The table below provides the duration statistics for each language in the dataset.
| Language | Emilia Duration (hours) | Emilia-YODAS Duration (hours) | Total Duration (hours) |
|:-----------:|:-----------------------:|:----------------------------:|:----------------------:|
| English | 46.8k | 92.2k | 139.0k |
| Chinese | 49.9k | 0.3k | 50.3k |
| German | 1.6k | 5.6k | 7.2k |
| French | 1.4k | 7.4k | 8.8k |
| Japanese | 1.7k | 1.1k | 2.8k |
| Korean | 0.2k | 7.3k | 7.5k |
| **Total** | **101.7k** | **113.9k** | **215.6k** |
The **Emilia-Pipe** is the first open-source preprocessing pipeline designed to transform raw, in-the-wild speech data into high-quality training data with annotations for speech generation. This pipeline can process one hour of raw audio into model-ready data in just a few minutes, requiring only the raw speech data.
Detailed descriptions for the Emilia and Emilia-Pipe can be found in our [paper](https://arxiv.org/abs/2407.05361), and [extended version](https://arxiv.org/abs/2501.15907).
## Emilia Dataset Usage 📖
Emilia and Emilia-YODAS is publicly available at [HuggingFace](https://huggingface.co/datasets/amphion/Emilia-Dataset).

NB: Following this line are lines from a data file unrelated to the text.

Lemma is_derive_odd_extension x : x <> 0 ->
  is_derive (fun t => sgn t * G' (Rabs t)) x (G'' (Rabs x)).
Proof.
  intros Hx0. destruct (Rtotal_order x 0) as [Hx | [Hx | Hx]]; [| lra |].
  - rewrite Rabs_left by exact Hx.
    apply (is_derive_ext_loc (fun t => - G' (- t))).
    + apply (filter_imp (fun t => t < 0)); [| exact (open_lt 0 x Hx)].
      intros t Ht. rewrite sgn_neg, Rabs_left by exact Ht. lra.
    + replace (G'' (- x)) with (opp (- G'' (- x))) by (unfold opp; simpl; ring).
      apply (is_derive_opp (fun t => G' (- t))). apply is_derive_reflect, dG'.
  - rewrite Rabs_pos_eq by lra.
    apply (is_derive_ext_loc G'); [| apply dG'].
    apply (filter_imp (fun t => 0 < t)); [| exact (open_gt 0 x Hx)].
    intros t Ht. rewrite sgn_pos, Rabs_pos_eq by lra. lra.
Qed.

Lemma continuous_odd_extension x : continuous (fun t => sgn t * G' (Rabs t)) x.
Proof.
  destruct (Req_dec x 0) as [-> | Hx0].
  - apply (continuous_glue0 _ G' (fun t => - G' (- t))).
    + intros t Ht. destruct (Req_dec t 0) as [-> | Ht0]; [rewrite sgn_0, G'0; ring |].
      rewrite sgn_pos, Rabs_pos_eq by lra. ring.
    + intros t Ht. destruct (Req_dec t 0) as [-> | Ht0];
        [rewrite sgn_0, Ropp_0, G'0; ring |].
      rewrite sgn_neg, Rabs_left by lra. ring.
    + exact (is_derive_continuous _ _ _ (dG' 0)).
    + apply (@continuous_opp _ R_AbsRing R_NormedModule (fun t => G' (- t))).
      exact (is_derive_continuous _ _ _ (is_derive_reflect _ _ _ (dG' (- 0)))).
  - exact (is_derive_continuous _ _ _ (is_derive_odd_extension x Hx0)).
Qed.

End EvenExtension.

Definition sinh_profile (tau s L y : R) : R := exp (tau / 2 * y) * sinh (s * (L - y)).

Definition sinh_profile' (tau s L y : R) : R :=
  exp (tau / 2 * y) * (tau / 2 * sinh (s * (L - y)) - s * cosh (s * (L - y))).
(* Let $G_0,G_1\in\mathbb{Z}$ with $\gcd(G_0,G_1)=1$, let $(G_n)_{n\ge0}$ satisfy $G_n=G_{n-1}+G_{n-2}$ for $n\ge2$, and let $\mu = G_1^2 - G_0 G_1 - G_0^2$. For every even integer $k \geq 1$ (i.e. $k\ge 2$ even), $$\mathcal{G}^2_{G_0,G_1}(k) = \begin{cases} F_k, & \text{if $5$ does not divide $\mu$},\\ 5 F_k, & \text{if $5$ divides $\mu$},\end{cases}$$ where $F_k$ is the $k$-th Fibonacci number.
   Context: $\mathcal{G}^2_{G_0,G_1}(k)=\gcd\{\sum_{i=1}^k G_{n+i}^2 : n\ge 0\}$ (nonnegative gcd of this infinite set). $F_0=0$, $F_1=1$, $F_n=F_{n-1}+F_{n-2}$. *)

From Stdlib Require Import ZArith.
Open Scope Z_scope.

Fixpoint fib_aux (n : nat) : Z * Z :=
  match n with
  | O => (0, 1)
  | S m => let (a, b) := fib_aux m in (b, a + b)
  end.
Definition F (n : nat) : Z := fst (fib_aux n).

Definition is_gcd_of_set (S : Z -> Prop) (d : Z) : Prop :=
  0 <= d /\ (forall x, S x -> (d | x)) /\
  (forall e, (forall x, S x -> (e | x)) -> (e | d)).

Fixpoint sum_sq (G : nat -> Z) (n k : nat) : Z :=
  match k with
  | O => 0
  | S k' => sum_sq G n k' + (G (n + k)%nat) ^ 2
  end.

Definition sq_sum_set (G : nat -> Z) (k : nat) : Z -> Prop :=
  fun x => exists n : nat, x = sum_sq G n k.

(** Write [P m = G_m^2 + G_(m+1)^2].  Telescoping, the addition formula
    [G_(n+i+1) = F_i G_n + F_(i+1) G_(n+1)] and Cassini's identity for [F_(2j)]
    give [sum_(i=1..2j) G_(n+i)^2 = F_(2j) P(n+j)], so the gcd is [F_k] times the
    gcd of the [P m].  For coprime [x], [y] the ideal generated by [x^2 + y^2] and
    [y^2 + (y+x)^2] contains [5x^3] and [5y^3], so a common divisor of two
    consecutive [P m] divides [5]; it then also divides [mu], because
    [mu_m = G_(m+1)^2 - G_m G_(m+1) - G_m^2 = +-mu] equals
    [-3 P m + 2 P (m+1) - 5 G_m G_(m+1)].  Conversely [gcd(5, mu)] divides every
    [P m]: modulo [5], [mu_m] is the square [(G_(m+1) + 2 G_m)^2] and [P m] is a
    multiple of [G_(m+1) + 2 G_m]. *)

From Stdlib Require Import ZArith Znumtheory Lia.
Open Scope Z_scope.

Lemma prime_5 : prime 5.
Proof.
  apply prime_intro; [lia|]. intros n hn. apply Zgcd_1_rel_prime.
  assert (n = 1 \/ n = 2 \/ n = 3 \/ n = 4) as [-> | [-> | [-> | ->]]] by lia;
    reflexivity.
Qed.

Lemma gcd_5_l z : Z.gcd 5 z = if z mod 5 =? 0 then 5 else 1.
Proof.
  destruct (Z.eqb_spec (z mod 5) 0) as [h | h].
  - apply Z.divide_gcd_iff; [lia|]. now apply Z.mod_divide.
  - apply Zgcd_1_rel_prime, prime_rel_prime; [exact prime_5|].
    intros d. apply h, Z.mod_divide; [lia | exact d].
Qed.

Lemma divide_mul_gcd e c a b :
  (e | c * a) -> (e | c * b) -> (e | c * Z.gcd a b).
Proof.
  intros ha hb. destruct (Z.gcd_bezout a b _ eq_refl) as [u [v huv]].
  rewrite <- huv. replace (c * (u * a + v * b)) with (u * (c * a) + v * (c * b)) by ring.
  apply Z.divide_add_r; apply Z.divide_mul_r; assumption.
Qed.

Lemma rel_prime_cube_r a b : rel_prime a b -> rel_prime a (b ^ 3).
Proof.
  intros h. replace (b ^ 3) with (b * (b * b)) by ring.
  apply rel_prime_mult; [|apply rel_prime_mult]; exact h.
Qed.

Lemma gcd_sum_sq_succ_divide_5 x y :
  Z.gcd x y = 1 -> (Z.gcd (x ^ 2 + y ^ 2) (y ^ 2 + (y + x) ^ 2) | 5).
Proof.
  intros hxy.
  set (P := x ^ 2 + y ^ 2). set (Q := y ^ 2 + (y + x) ^ 2).
  assert (cubes : Z.gcd (x ^ 3) (y ^ 3) = 1).
  { apply Zgcd_1_rel_prime in hxy. apply Zgcd_1_rel_prime.
    apply rel_prime_cube_r, rel_prime_sym, rel_prime_cube_r, rel_prime_sym, hxy. }
  assert (hx : (Z.gcd P Q | 5 * x ^ 3)).
  { replace (5 * x ^ 3) with ((6 * x + 4 * y) * P - (x + 2 * y) * Q) by (unfold P, Q; ring).
    apply Z.divide_sub_r; apply Z.divide_mul_r;
      [apply Z.gcd_divide_l | apply Z.gcd_divide_r]. }
  assert (hy : (Z.gcd P Q | 5 * y ^ 3)).
  { replace (5 * y ^ 3) with ((2 * x + 3 * y) * P + (y - 2 * x) * Q) by (unfold P, Q; ring).
    apply Z.divide_add_r; apply Z.divide_mul_r;
      [apply Z.gcd_divide_l | apply Z.gcd_divide_r]. }
  pose proof (divide_mul_gcd _ _ _ _ hx hy) as h. now rewrite cubes, Z.mul_1_r in h.
Qed.

Lemma five_divides_sum_sq x y : (5 | y ^ 2 - x * y - x ^ 2) -> (5 | x ^ 2 + y ^ 2).
Proof.
  intros h.
  assert (sq : (5 | (y + 2 * x) * (y + 2 * x))).
  { replace ((y + 2 * x) * (y + 2 * x)) with ((y ^ 2 - x * y - x ^ 2) + 5 * (x * y + x ^ 2))
      by ring.
    apply Z.divide_add_r; [exact h | apply Z.divide_factor_l]. }
  assert (lin : (5 | y + 2 * x)) by now destruct (prime_mult 5 prime_5 _ _ sq).
  replace (x ^ 2 + y ^ 2) with ((y - 2 * x) * (y + 2 * x) + 5 * x ^ 2) by ring.
  apply Z.divide_add_r; [apply Z.divide_mul_r, lin | apply Z.divide_factor_l].
Qed.

Lemma F_succ_succ n : F (S (S n)) = F (S n) + F n.
Proof. unfold F; simpl. destruct (fib_aux n); simpl. ring. Qed.

Lemma F_nonneg n : 0 <= F n.
Proof.
  enough (h : 0 <= F n /\ 0 <= F (S n)) by apply h.
  induction n as [|n [h0 h1]]; [split; discriminate|].
  split; [exact h1|]. rewrite F_succ_succ. lia.
Qed.

Section FibonacciLike.

Variable G : nat -> Z.
Hypothesis G_succ_succ : forall n, G (S (S n)) = G (S n) + G n.

Lemma fib_like_add n i : G (n + i)%nat = (F (S i) - F i) * G n + F i * G (S n).
Proof.
  enough (h : G (n + i)%nat = (F (S i) - F i) * G n + F i * G (S n) /\
              G (n + S i)%nat = (F (S (S i)) - F (S i)) * G n + F (S i) * G (S n))
    by apply h.
  induction i as [|i [hi hSi]].
  - rewrite Nat.add_0_r, Nat.add_1_r.
    change (F 0) with 0; change (F 1) with 1; change (F 2) with 1. split; ring.
  - split; [exact hSi|].
    replace (n + S (S i))%nat with (S (S (n + i))) by lia.
    rewrite G_succ_succ, <- Nat.add_succ_r, hi, hSi, !F_succ_succ. ring.
Qed.

Lemma fib_like_add_succ n i : G (S (n + i)) = F i * G n + F (S i) * G (S n).
Proof. rewrite <- Nat.add_succ_r, fib_like_add, F_succ_succ. ring. Qed.

Lemma sum_sq_telescope n k :
  sum_sq G n k = G (n + k)%nat * G (S (n + k)) - G n * G (S n).
Proof.
  induction k as [|k IH]; cbn [sum_sq].
  - rewrite Nat.add_0_r. ring.
  - rewrite IH, <- Nat.add_succ_r, Nat.add_succ_r, G_succ_succ. ring.
Qed.

Lemma gcd_fib_like i : Z.gcd (G i) (G (S i)) = Z.gcd (G 0) (G 1).
Proof.
  induction i as [|i IH]; [reflexivity|].
  rewrite G_succ_succ, Z.add_comm, Z.gcd_add_diag_r, Z.gcd_comm. exact IH.
Qed.

Definition cassini i := G (S i) ^ 2 - G i * G (S i) - G i ^ 2.

Lemma cassini_succ i : cassini (S i) = - cassini i.
Proof. unfold cassini. rewrite G_succ_succ. ring. Qed.

Lemma cassini_even j : cassini (2 * j) = cassini 0.
Proof.
  induction j as [|j IH]; [reflexivity|].
  replace (2 * S j)%nat with (S (S (2 * j))) by lia. rewrite !cassini_succ. lia.
Qed.

Lemma cassini_pm i : cassini i = cassini 0 \/ cassini i = - cassini 0.
Proof. induction i as [|i IH]; [now left|]. rewrite cassini_succ. lia. Qed.

Definition pair_sq i := G i ^ 2 + G (S i) ^ 2.

Lemma cassini_pair_sq i :
  cassini i = -3 * pair_sq i + 2 * pair_sq (S i) - G i * G (S i) * 5.
Proof. unfold cassini, pair_sq. rewrite G_succ_succ. ring. Qed.

Lemma gcd_5_cassini_divide_pair_sq i : (Z.gcd 5 (cassini 0) | pair_sq i).
Proof.
  destruct (Zdivide_dec 5 (cassini 0)) as [h5 | h5].
  - apply (Z.divide_trans _ 5); [apply Z.gcd_divide_l|].
    apply five_divides_sum_sq.
    destruct (cassini_pm i) as [h | h]; unfold cassini in h; rewrite h;
      [|apply Z.divide_opp_r]; exact h5.
  - rewrite (proj2 (Zgcd_1_rel_prime _ _) (prime_rel_prime 5 prime_5 _ h5)).
    apply Z.divide_1_l.
Qed.

Lemma common_divisor_pair_sq e c i :
  Z.gcd (G 0) (G 1) = 1 -> (e | c * pair_sq i) -> (e | c * pair_sq (S i)) ->
  (e | c * Z.gcd 5 (cassini 0)).
Proof.
  intros hcop hP hPS.
  assert (h5 : (e | c * 5)).
  { apply (Z.divide_trans _ (c * Z.gcd (pair_sq i) (pair_sq (S i)))).
    - now apply divide_mul_gcd.
    - apply Z.mul_divide_mono_l. unfold pair_sq. rewrite G_succ_succ.
      apply gcd_sum_sq_succ_divide_5. now rewrite gcd_fib_like. }
  assert (hi : (e | c * cassini i)).
  { rewrite cassini_pair_sq.
    replace (c * (-3 * pair_sq i + 2 * pair_sq (S i) - G i * G (S i) * 5))
      with (-3 * (c * pair_sq i) + 2 * (c * pair_sq (S i)) - G i * G (S i) * (c * 5))
      by ring.
    apply Z.divide_sub_r; [apply Z.divide_add_r|]; apply Z.divide_mul_r; assumption. }
  apply divide_mul_gcd; [exact h5|].
  destruct (cassini_pm i) as [h | h]; rewrite h in hi; [exact hi|].
  rewrite Z.mul_opp_r in hi. now apply Z.divide_opp_r.
Qed.

End FibonacciLike.

Lemma F_double j : F (2 * j) = F j * (2 * F (S j) - F j).
Proof.
  replace (2 * j)%nat with (j + j)%nat by lia.
  rewrite (fib_like_add F F_succ_succ). ring.
Qed.

Lemma F_double_succ j : F (S (2 * j)) = F j ^ 2 + F (S j) ^ 2.
Proof.
  replace (2 * j)%nat with (j + j)%nat by lia.
  rewrite (fib_like_add_succ F F_succ_succ). ring.
Qed.

Lemma sum_sq_even G (G_succ_succ : forall n, G (S (S n)) = G (S n) + G n) n j :
  sum_sq G n (2 * j) = F (2 * j) * pair_sq G (n + j).
Proof.
  pose proof (cassini_even F F_succ_succ j) as cas.
  change (cassini F 0) with 1 in cas. unfold cassini in cas.
  assert (mid : pair_sq G (n + j) =
    (F (S (2 * j)) - F (2 * j)) * G n ^ 2 + 2 * F (2 * j) * G n * G (S n)
    + F (S (2 * j)) * G (S n) ^ 2).
  { unfold pair_sq. rewrite (fib_like_add G G_succ_succ), (fib_like_add_succ G G_succ_succ).
    rewrite F_double, F_double_succ. ring. }
  rewrite mid, (sum_sq_telescope G G_succ_succ), (fib_like_add G G_succ_succ),
    (fib_like_add_succ G G_succ_succ).
  set (A := F (2 * j)) in *. set (B := F (S (2 * j))) in *.
  transitivity (A * ((B - A) * G n ^ 2 + 2 * A * G n * G (S n) + B * G (S n) ^ 2)
                + G n * G (S n) * ((B ^ 2 - A * B - A ^ 2) - 1)); [ring|].
  rewrite cas. ring.
Qed.

Theorem theorem4p7 (G : nat -> Z)
  (hcop : Z.gcd (G 0%nat) (G 1%nat) = 1)
  (hrec : forall n : nat, (2 <= n)%nat -> G n = G (n - 1)%nat + G (n - 2)%nat)
  (k : nat) (hk : (1 <= k)%nat) (hev : Nat.Even k) :
  let mu := G 1%nat ^ 2 - G 0%nat * G 1%nat - G 0%nat ^ 2 in
  is_gcd_of_set (sq_sum_set G k)
    (if (mu mod 5 =? 0) then 5 * F k else F k).
Proof.
  intro mu.
  assert (G_succ_succ : forall n, G (S (S n)) = G (S n) + G n).
  { intro n. rewrite (hrec (S (S n))) by lia. f_equal; f_equal; lia. }
  destruct hev as [j ->].
  replace (if mu mod 5 =? 0 then 5 * F (2 * j) else F (2 * j))
    with (F (2 * j) * Z.gcd 5 (cassini G 0))
    by (change (cassini G 0) with mu; rewrite gcd_5_l; destruct (mu mod 5 =? 0); ring).
  split; [|split].
  - apply Z.mul_nonneg_nonneg; [apply F_nonneg | apply Z.gcd_nonneg].
  - intros x [n ->]. rewrite (sum_sq_even G G_succ_succ).
    apply Z.mul_divide_mono_l, (gcd_5_cassini_divide_pair_sq G G_succ_succ).
  - intros e he. apply (common_divisor_pair_sq G G_succ_succ e _ j hcop); apply he;
      [exists 0%nat | exists 1%nat]; symmetry; exact (sum_sq_even G G_succ_succ _ j).
Qed.
Lemma ssadjE x y :
  ssadj x y = [&& x \in ZV k, y \in ZV k, x != y & ss_support x y].
Proof.
rewrite /ssadj; case xZ: (x \in ZV k) => //=; case yZ: (y \in ZV k) => //=.
have [[xLB _ _] [yLB _ _]] := (ZVP xZ, ZVP yZ).
by rewrite cls_eq // cmeet_nzE // !cleE.
Qed.

(* Moving from [x] to the complement of the smaller support increases the
   distance to [y] from 2 to 3. *)
Lemma not_maxdist_proper x y : x \in ZV k -> y \in ZV k -> x.1 \proper y.1 ->
  ~~ maxdist (@zadj n k) x y.
Proof.
move=> xZ yZ xy; have [_ x0 _] := ZVP xZ; have cxZ := base_setC_ZV xZ.
have /andP [ne_xy sxy] : (x.1 != y.1) && (x.1 \subset y.1) by rewrite -properEneq.
have [_ [j jy jx]] := properP xy.
apply/forallP => /(_ (base (~: x.1))) /implyP.
rewrite zadjE xZ cxZ /= setICr eqxx => /(_ isT); rewrite !distE //.
have yxT : y.1 :|: ~: x.1 = setT.
  apply/setP => i; rewrite !inE.
  by case: (boolP (i \in x.1)) => [/(subsetP sxy) -> | _]; rewrite ?orbT.
have y_cx : y != base (~: x.1).
  by apply: contra x0 => /eqP y_eq; rewrite -setCT -yxT y_eq setUid setCK.
have yx0 : y.1 :&: ~: x.1 != set0 by apply/set0Pn; exists j; rewrite !inE jy jx.
have xy' : x != y by apply: contra ne_xy => /eqP ->.
have [_ _ yT] := ZVP yZ.
rewrite /zdist (negbTE y_cx) (negbTE yx0) yxT eqxx (negbTE xy').
by rewrite (setIidPl sxy) (setUidPr sxy) (negbTE x0) yT.
Qed.

Hypothesis cls_atom_ge2 : forall i : 'I_n, 2 <= #|cls (atomB k i)|.

Lemma ZV_below v : v \in ZV k -> exists2 w, w \in ZV k & (w != v) && (w.1 \subset v.1).
Proof.
move=> vZ; have [vLB v0 vT] := ZVP vZ; have /set0Pn [i iv] := v0.
have [vi | ne_vi] := eqVneq v.1 [set i].
  have : ~~ (cls (atomB k i) \subset [set v]).
    apply: contraL (cls_atom_ge2 i) => /subset_leq_card.
    by rewrite cards1 -ltnNge ltnS.
  case/subsetPn => w; rewrite clsE inE => /andP [wLB /eqP /= wi]; rewrite inE => wv.
  by exists w; rewrite ?inZV ?wLB wi -vi ?v0 ?vT ?wv ?subxx.
exists (base [set i]); last by rewrite sub1set iv andbT; apply: contra ne_vi => /eqP <-.
apply: base_ZV; first by apply/set0Pn; exists i; rewrite inE.
by apply: contra vT => /eqP iT; rewrite eqEsubset subsetT -iT sub1set.
Qed.
(* Let $e, e_1, e_2$ be terms of $\mathrm{F}_H$ and $x$ a variable, and suppose $e_1 \longrightarrow e_2$. (1) If $e[e_1/x] \longrightarrow^* v_1$ for a value $v_1$, then $e[e_2/x] \longrightarrow^* v_2$ for some value $v_2$; moreover, if $v_1 = \mathsf{true}$ then $v_2 = \mathsf{true}$. (2) If $e[e_2/x] \longrightarrow^* v_2$ for a value $v_2$, then $e[e_1/x] \longrightarrow^* v_1$ for some value $v_1$; moreover, if $v_2 = \mathsf{true}$ then $v_1 = \mathsf{true}$.
   Context: Syntax of the calculus $\mathrm{F}_H$. Fix a set of base types $B$ containing $\mathsf{Bool}$; each base type $B$ has a set $\mathcal{K}_B$ of constants (with $\mathcal{K}_{\mathsf{Bool}}=\{\mathsf{true},\mathsf{false}\}$); $k$ ranges over constants. Fix primitive operations $\mathtt{op}$, each with a denotation $[\![\mathtt{op}]\!]$, a partial function from tuples of constants to constants. Types: $T ::= B \mid \alpha \mid x{:}T_1\to T_2 \mid \forall\alpha.T \mid \{x{:}T \mid e\}$. Values: $v ::= k \mid \lambda x{:}T.e \mid \Lambda\alpha.e \mid \langle T_1\Rightarrow T_2\rangle^{\ell}$ ($\ell$ ranges over blame labels). Terms: $e ::= v \mid x \mid \mathtt{op}(e_1,\dots,e_n) \mid e_1\,e_2 \mid e\,T \mid \langle\!\langle \{x{:}T_1\mid e_1\}, e_2\rangle\!\rangle^{\ell} \mid \langle \{x{:}T_1\mid e_1\}, e_2, v\rangle^{\ell} \mid \Uparrow\ell$. Variables are not values. Substitution $e[e'/x]$ is capture-avoiding; $\mathsf{let}\ y{:}T = e_1\ \mathsf{in}\ e_2$ abbreviates $(\lambda y{:}T.e_2)\,e_1$. Reduction $\rightsquigarrow$: $\mathtt{op}(k_1,\dots,k_n)\rightsquigarrow[\![\mathtt{op}]\!](k_1,\dots,k_n)$; $(\lambda x{:}T.e)\,v\rightsquigarrow e[v/x]$; $(\Lambda\alpha.e)\,T\rightsquigarrow e[T/\alpha]$; $\langle B\Rightarrow B\rangle^\ell v\rightsquigarrow v$; $\langle x{:}T_{11}\to T_{12}\Rightarrow x{:}T_{21}\to T_{22}\rangle^\ell v\rightsquigarrow \lambda x{:}T_{21}.\,\mathsf{let}\ y{:}T_{11}=\langle T_{21}\Rightarrow T_{11}\rangle^\ell x\ \mathsf{in}\ \langle T_{12}[y/x]\Rightarrow T_{22}\rangle^\ell (v\,y)$ with $y$ fresh; $\langle\forall\alpha.T_1\Rightarrow\forall\alpha.T_2\rangle^\ell v\rightsquigarrow\Lambda\alpha.\langle T_1\Rightarrow T_2\rangle^\ell(v\,\alpha)$; $\langle\{x{:}T_1\mid e_1\}\Rightarrow T_2\rangle^\ell v\rightsquigarrow\langle T_1\Rightarrow T_2\rangle^\ell v$; $\langle T_1\Rightarrow\{x{:}T_2\mid e_2\}\rangle^\ell v\rightsquigarrow\langle\!\langle\{x{:}T_2\mid e_2\},\langle T_1\Rightarrow T_2\rangle^\ell v\rangle\!\rangle^\ell$ provided $T_1$ is not a refinement type; $\langle\!\langle\{x{:}T\mid e\},v\rangle\!\rangle^\ell\rightsquigarrow\langle\{x{:}T\mid e\},e[v/x],v\rangle^\ell$; $\langle\{x{:}T\mid e\},\mathsf{true},v\rangle^\ell\rightsquigarrow v$; $\langle\{x{:}T\mid e\},\mathsf{false},v\rangle^\ell\rightsquigarrow\Uparrow\ell$. Evaluation contexts: $E ::= [\,] \mid \mathtt{op}(v_1,\dots,v_n,E,e_1,\dots,e_m) \mid E\,e \mid v\,E \mid E\,T \mid \langle\!\langle\{x{:}T\mid e\},E\rangle\!\rangle^\ell \mid \langle\{x{:}T\mid e\},E,v\rangle^\ell$. Evaluation $\longrightarrow$: $E[e_1]\longrightarrow E[e_2]$ whenever $e_1\rightsquigarrow e_2$; $E[\Uparrow\ell]\longrightarrow\Uparrow\ell$ whenever $E\neq[\,]$. $\longrightarrow^*$ is the reflexive–transitive closure of $\longrightarrow$. *)

(* Syntax and operational semantics of the calculus F_H.
   Binders are represented with de Bruijn indices (two index spaces: term
   variables and type variables). *)
From Stdlib Require Import List Arith.
Import ListNotations.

- Option 1: Download from HuggingFace:
1. Gain access to the dataset and get the HF access token from: [https://huggingface.co/settings/tokens](https://huggingface.co/settings/tokens).
2. Install dependencies and login HF:
- Install Python
- Run `pip install librosa soundfile datasets huggingface_hub[cli]`
- Login by `huggingface-cli login` and paste the HF access token. Check [here](https://huggingface.co/docs/huggingface_hub/guides/cli#huggingface-cli-login) for details.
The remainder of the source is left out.